В последние годы заметно усилился интерес к народной медицине. К народному опыту обратились наши научно-исследовательские институты при изучении целебных свойств трав и кореньев. Ученые читают старые рукописные книги – «Лечебники», «Травники». Стали изучаться также тетрадки и в большом количестве сохранившиеся в архивах отдельные листы с записями лечебных рецептов, имевших обращение в народе.
Куда только беспокойная судьба не забросит книжника! Однажды поздней осенью оказался я в маленьком городке, затерянном в мещерских лесах. Городок носил ласковое название Меленки. Добираться до Меленок от Мурома пришлось по узкоколейке, в забавных вагонах, за окнами которых мелькали лесные чащобы, болотные пустоши да небольшие тихие деревеньки. Улицы в Меленках были тогда вымощены булыжниками, по утрам раздавался далекий пастуший рожок, а на базарной площади продавали удивительно вкусное молоко, топленное в глиняных кринках, покрытых глазурью.
Когда приезжаешь в новое место, всегда хочется познакомиться с теми, кто живет там давно, знает людей, события, историю, были и предания, старину и новизну. Старожилы-краеведы, как правило, самые интересные собеседники.
В Меленках в первый же день познакомился я со старым учителем, воспитавшим не одно поколение рыбаков, лесорубов, животноводов, текстильщиков.

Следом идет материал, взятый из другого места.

(* The key construction: a decreasing sequence of relatively clopen sets, all
   meeting H, that every point of H eventually leaves, makes the depth of a
   point a continuous unbounded function on H. *)
Lemma nested_rel_clopen_unbounded (K : nat -> set T) :
  (forall n, rel_clopen H (K n)) -> (forall n, K n.+1 `<=` K n) ->
  (forall n, exists2 x, K n x & H x) -> (forall x, H x -> exists n, ~ K n x) ->
  ~ pseudocompact_subspace R H.
Proof.
move=> K_clopen K_dec K_meet K_escape.
have K_anti : {homo K : i j / (i <= j)%N >-> j `<=` i}.
  apply: (@homo_leq _ K (fun A B => B `<=` A)) => [A|B A C BA CB|//].
    exact: subset_refl.
  exact: subset_trans CB BA.
have [depth depthP] := escape_depth K_anti K_escape.
have depth_cont : {within H, continuous (fun x => (depth x)%:R : R)}.
  apply: locally_constant_continuous => x Hx.
  have nKx : ~ K (depth x) x by move/(depthP x Hx); rewrite ltnn.
  (* near x, points leave K (depth x): their depth is at most depth x *)
  have [N nN N_out] := (K_clopen (depth x)).2 x Hx nKx.
  (* near x, points stay in K (depth x - 1): their depth is at least depth x *)
  have [M nM M_deep] : exists2 M, nbhs x M &
      forall z, M z -> H z -> (depth x <= depth z)%N.
    case E: (depth x) => [|k]; first by exists setT => //; exact: filterT.
    have Kkx : K k x by apply/(depthP x Hx); rewrite E.
    have [M nM M_K] := (K_clopen k).1 x Hx Kkx.
    by exists M => // z Mz Hz; apply/(depthP z Hz); exact: M_K.
  exists (N `&` M); first exact: filterI.
  move=> z [Nz Mz] Hz; congr (_%:R); apply/eqP; rewrite eqn_leq M_deep // andbT.
  by rewrite leqNgt; apply/negP => /(depthP z Hz); exact: N_out.
move=> /(_ _ depth_cont)[M M_bound].
have [n nM] : exists n : nat, M < n%:R.
  by exists (Num.truncn `|M|).+1; exact: le_lt_trans (ler_norm M) (truncnS_gt _).
have [y Kny Hy] := K_meet n.
have n_depth : (n < depth y)%N by apply/(depthP y Hy).
have := lt_le_trans nM (le_trans (ltW _) (M_bound y Hy)).
by rewrite ger0_norm // ltr_nat => /(_ n_depth); rewrite ltxx.
Qed.

Lemma rel_clopen_chain (h : nat -> T) (P : set T -> Prop) :
  P setT ->
  (forall K y, rel_clopen H K -> P K ->
     exists K', [/\ K' `<=` K, rel_clopen H K', P K' & ~ K' y]) ->
  exists K : nat -> set T, [/\ forall n, rel_clopen H (K n) /\ P (K n),
    forall n, K n.+1 `<=` K n & forall n, ~ K n.+1 (h n)].
Proof.
move=> PT shrink.
have shrink_total (Ky : set T * T) : exists K', rel_clopen H Ky.1 -> P Ky.1 ->
    [/\ K' `<=` Ky.1, rel_clopen H K', P K' & ~ K' Ky.2].
  case: Ky => K y; have [[K_clopen PK]|not_inv] := pselect (rel_clopen H K /\ P K).
    by have [K' ?] := shrink K y K_clopen PK; exists K'.
  by exists K => K_clopen PK; exfalso; apply: not_inv.
have [next nextP] := choice shrink_total.
pose K := fix K n := if n is m.+1 then next (K m, h m) else setT.
have K_inv n : rel_clopen H (K n) /\ P (K n).
  elim: n => [|n [K_clopen PK]]; first by split; [exact: rel_clopenT|].
  by have [] := nextP (K n, h n) K_clopen PK.
exists K; split=> // n; have [K_clopen PK] := K_inv n;
  by have [] := nextP (K n, h n) K_clopen PK.
Qed.

End NestedClopen.

Section CountableSubspace.
Variables (R : realType) (T : topologicalType) (h : nat -> T).

Lemma enumerated_not_pseudocompact (P : set T -> Prop) :
  P setT -> (forall K, P K -> exists2 x, K x & range h x) ->
  (forall K y, rel_clopen (range h) K -> P K ->
     exists K', [/\ K' `<=` K, rel_clopen (range h) K', P K' & ~ K' y]) ->
  ~ pseudocompact_subspace R (range h).
Proof.
move=> PT P_meet shrink.
have [K [K_inv K_dec K_out]] := rel_clopen_chain h P PT shrink.
apply: (nested_rel_clopen_unbounded K) => //.
- by move=> n; case: (K_inv n).
- by move=> n; case: (K_inv n) => _ /P_meet.
- by move=> _ [n _ <-]; exists n.+1.
Qed.

(* An infinite countable discrete space is not pseudocompact: shrink by
   removing single points, keeping infinitely many points of the subspace. *)
Lemma discrete_enumerated_not_pseudocompact :
  infinite_set (range h) -> (forall x, range h x -> isolated_in (range h) x) ->
  ~ pseudocompact_subspace R (range h).
Proof.
move=> h_infinite h_discrete.
have all_rel_open K : rel_open (range h) K.
  move=> x Hx Kx; have [N nN N_x] := h_discrete x Hx.
  by exists N => // z Nz Hz; rewrite (N_x z Nz Hz).
apply: (@enumerated_not_pseudocompact (fun K => infinite_set (K `&` range h))) => //.
- by rewrite setTI.
- move=> K K_inf; apply: contrapT => K_empty; apply: K_inf.
  apply: (@sub_finite_set _ _ set0); last exact: finite_set0.
  by move=> x [Kx Hx]; apply: K_empty; exists x.
- move=> K y _ K_inf; exists (K `\` [set y]); split.
  + by move=> x [].
  + by split; apply: all_rel_open.
  + move=> fin; apply: (infinite_setD K_inf (finite_set1 y)).
    by apply: sub_finite_set fin => x [[Kx Hx] nx].
  + by move=> [_]; apply.
Qed.

(* A countable functionally Hausdorff space without isolated points is not
   pseudocompact: cut a relatively clopen set along a level of a function
   separating one of its points from the point to avoid. *)
Lemma perfect_enumerated_not_pseudocompact :
  functionally_hausdorff R T ->
  (forall x, range h x -> ~ isolated_in (range h) x) ->
  ~ pseudocompact_subspace R (range h).
Proof.
move=> T_fhausdorff h_perfect.
have h_countable : countable (range h) := card_image_le h setT.
apply: (@enumerated_not_pseudocompact (fun K => exists2 x, K x & range h x)) => //.
  by exists (h 0%N) => //; exists 0%N.
move=> K y K_clopen [x Kx Hx].
(* K meets the subspace in a point other than y, since x is not isolated *)
have [a [Ka Ha ay]] : exists a, [/\ K a, range h a & a <> y].
  have [<-|xy] := pselect (x = y); last by exists x.
  apply: contrapT => no_a; apply: (h_perfect x Hx).
  have [N nN N_K] := K_clopen.1 x Hx Kx.
  exists N => // z Nz Hz; apply: contrapT => zx; apply: no_a.
  by exists z; split => //; exact: N_K.
have [g [g_cont gy ga]] := T_fhausdorff a y ay.
have [r [r0 r1 r_notin]] :=
  countable_avoid_unit_interval (sub_countable (card_image_le g (range h)) h_countable).
exists (K `&` [set z | r < g z]); split.
- by move=> z [].
- exact: rel_clopenI K_clopen (rel_clopen_level g_cont r_notin).
- by exists a => //; split => //=; rewrite ga.
- by move=> [_] /=; rewrite gy ltNge (ltW r0).
Qed.

(* A homogeneous infinite countable functionally Hausdorff space is not
   pseudocompact: it is either discrete or has no isolated point. *)
Lemma homogeneous_enumerated_not_pseudocompact :
  functionally_hausdorff R T -> infinite_set (range h) ->
  (forall x y, range h x -> range h y ->
     isolated_in (range h) x -> isolated_in (range h) y) ->
  ~ pseudocompact_subspace R (range h).
Proof.
move=> T_fhausdorff h_infinite h_homogeneous.
have [[x [Hx x_isolated]]|no_isolated] :=
  pselect (exists x, range h x /\ isolated_in (range h) x).
  apply: discrete_enumerated_not_pseudocompact => // y Hy.
  exact: h_homogeneous x y Hx Hy x_isolated.
apply: perfect_enumerated_not_pseudocompact => // x Hx x_isolated.
by apply: no_isolated; exists x.
Qed.

End CountableSubspace.

(* A dense subset of an infinite Hausdorff space is infinite: finite sets are
   closed there, and a closed dense set is everything. *)
Lemma dense_infinite {T : topologicalType} (H : set T) :
  hausdorff_space T -> infinite_set [set: T] -> dense H -> infinite_set H.
Proof.
move=> T_hausdorff T_infinite H_dense H_finite.
have H_closed : closed H.
  exact: (proj1 accessible_finite_set_closed (hausdorff_accessible T_hausdorff)).
apply: T_infinite; apply: sub_finite_set H_finite => x _.
apply: contrapT => nHx.
by have [z [nHz Hz]] := H_dense (~` H) (ex_intro _ x nHx) (closed_openC H_closed).
Qed.
(* For every positive integer $n$, there is a temporal graph $G$ on $n$ vertices and a vertex $s$ of $G$ such that every single-source temporal preserver of $G$ with respect to $s$ has size $\Theta(n^2)$.
   Context: A temporal graph is an undirected graph $G=(V,E)$ with a labeling $\lambda:E\to\mathbb{N}^+$. A temporal path is a path whose traversed edges have non-decreasing labels in the order of traversal; its length is its number of edges, and $d_G(u,v)$ is the minimum length of a temporal path from $u$ to $v$ in $G$ ($+\infty$ if none). A single-source temporal preserver of $G$ w.r.t. $s$ is a subgraph $H$ with $V(H)=V$, $E(H)\subseteq E$ (same labels), such that $d_H(s,v)= d_G(s,v)$ for every $v\in V$. Its size is its number of edges. *)

From mathcomp Require Import all_boot.
Set Implicit Arguments. Unset Strict Implicit. Unset Printing Implicit Defensive.

Record tgraph (n : nat) := TGraph {
  tedges : {set {set 'I_n}};
  tlab   : {set 'I_n} -> nat }.

Definition tgraph_wf n (G : tgraph n) : Prop :=
  forall e, e \in tedges G -> #|e| = 2 /\ 0 < tlab G e.

Definition tsubgraph n (H G : tgraph n) : Prop :=
  tedges H \subset tedges G /\
  forall e, e \in tedges H -> tlab H e = tlab G e.

Definition is_tpath n (G : tgraph n) (u : 'I_n) (p : seq 'I_n) : bool :=
  [&& uniq (u :: p),
      all (fun xy => [set xy.1; xy.2] \in tedges G) (zip (u :: p) p)
    & sorted leq (pairmap (fun x y => tlab G [set x; y]) u p)].

Definition treach n (G : tgraph n) (u v : 'I_n) (k : nat) : bool :=
  [exists p : k.-tuple 'I_n, is_tpath G u p && (last u p == v)].

(* Since paths have distinct vertices,
   their length is < n, so searching lengths 0 .. n-1 suffices. *)
Definition tdist n (G : tgraph n) (u v : 'I_n) : option nat :=
  let k := find (treach G u v) (iota 0 n) in
  if k < n then Some k else None.

Definition tpreserver n (G H : tgraph n) (s : 'I_n) : Prop :=
  tsubgraph H G /\ forall v, tdist H s v = tdist G s v.

Definition tgsize n (H : tgraph n) : nat := #|tedges H|.

From mathcomp Require Import all_boot zify.
Set Implicit Arguments. Unset Strict Implicit. Unset Printing Implicit Defensive.

(* The graph is the union of m temporal paths P_0, ..., P_(m-1) leaving the
   source 0: P_j has length 2(m - j), ends at a target lying on no other path,
   and its labels increase along it and all lie below those of P_(j+1).  No two
   paths share an edge, and a vertex other than 0 shared by P_j and a later P_j'
   lies strictly closer to the source on P_j'.  So a temporal path can leave its
   current path only for a later one and only by moving back in position: its
   i-th edge has position at most i on its path.  Hence P_j is the only temporal
   path of length at most 2(m - j) to its target, every preserver contains all
   m(m + 1) edges of the paths, and with n about 5m vertices this is Theta(n^2). *)

Lemma set2_shared (T : finType) (u v z : T) : [set u; v] = [set v; z] -> u = z.
Proof.
move=> e; have : u \in [set v; z] by rewrite -e set21.
rewrite !inE => /orP [/eqP eq_uv | /eqP //].
have : z \in [set u; v] by rewrite e set22.
by rewrite eq_uv !inE orbb => /eqP.
Qed.

Definition tedge_at n (u : 'I_n) (p : seq 'I_n) i : {set 'I_n} :=
  [set nth u (u :: p) i; nth u (u :: p) i.+1].

Section TemporalPaths.

Variable n : nat.
Implicit Types G H : tgraph n.

Lemma is_tpathP G u p :
  reflect [/\ uniq (u :: p),
              forall i, i < size p -> tedge_at u p i \in tedges G
            & forall i, i.+1 < size p -> tlab G (tedge_at u p i) <= tlab G (tedge_at u p i.+1)]
          (is_tpath G u p).
Proof.
have size_zip_p : size (zip (u :: p) p) = size p by rewrite size_zip /=; lia.
apply: (iffP and3P) => -[uniq_p edges_p sorted_p]; split => //.
- move=> i lt_ip; move/(all_nthP (u, u))/(_ i): edges_p.
  by rewrite size_zip_p nth_zip_cond size_zip_p lt_ip; apply.
- move=> i lt_ip; move/(sortedP 0)/(_ i): sorted_p.
  rewrite size_pairmap => /(_ lt_ip).
  by rewrite !(nth_pairmap u) //; apply: ltnW.
- apply/(all_nthP (u, u)) => i; rewrite size_zip_p => lt_ip.
  by rewrite nth_zip_cond size_zip_p lt_ip; apply: edges_p.
- apply/(sortedP 0) => i; rewrite size_pairmap => lt_ip.
  rewrite !(nth_pairmap u) //; last exact: ltnW.
  exact: sorted_p.
Qed.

Михаил Иванович Азинков преподавал в те годы литературу в старших классах средней школы; учитель был страстным любителем русской и западной классики. Он цитировал по памяти целые страницы из Толстого, Достоевского, Стендаля, Гюго. В довоенную пору скромный меленковский учитель написал письмо прославленному французскому писателю Ромену Роллану. И вдруг – о, радость! – автор «Жана Кристофа», получавший письма со всего мира, прислал ответ в далекий русский городок. Завязалась переписка…
Но письма Ромена Роллана были не единственным сокровищем в коллекции учителя-краеведа. Как-то в груде макулатуры, собранной школьниками, Азинков обратил внимание на приходно-расходную рукописную тетрадь, в которую меленковский почтмейстер в начале прошлого века вписывал почтовые отправления и получения. На оборотных листах тетради были написаны советы, как уберечься от болезни, «от дурного глазу», как отвести злую порчу. Некоторые полезные медицинские советы соседствовали с наивными, даже смешными, разумеется с нашей, современной точки зрения. Учитель сразу понял, что перед ним записи по народной медицине.
В ней заключен опыт, собранный веками людьми, жившими в постоянном, близком и непосредственном общении с природой.
Много времени потратил старый учитель на расшифровку и прочтение текста, написанного, кстати говоря, удивительно поэтичным, образным языком.
Судя по неудовлетворительной сохранности рукописи (некоторые листы разорваны, а частично и вырваны), можно уверенно заключить, что она была в частом употреблении.
На последней странице рукописи выведено: «Конец травам». Переписчик «Сказания» был человеком не очень грамотным. Он употреблял характерное для Меленковского уезда цоканье (вместо буквы «ч» писал «ц»).
Некоторые советы, приводимые собирателем «Сказания о травах», полны суеверия. Таков, например, совет: «Если собираешься жениться и хочешь с женою жить ласково, найди траву царевы очи, с нею семейная жизнь наладится».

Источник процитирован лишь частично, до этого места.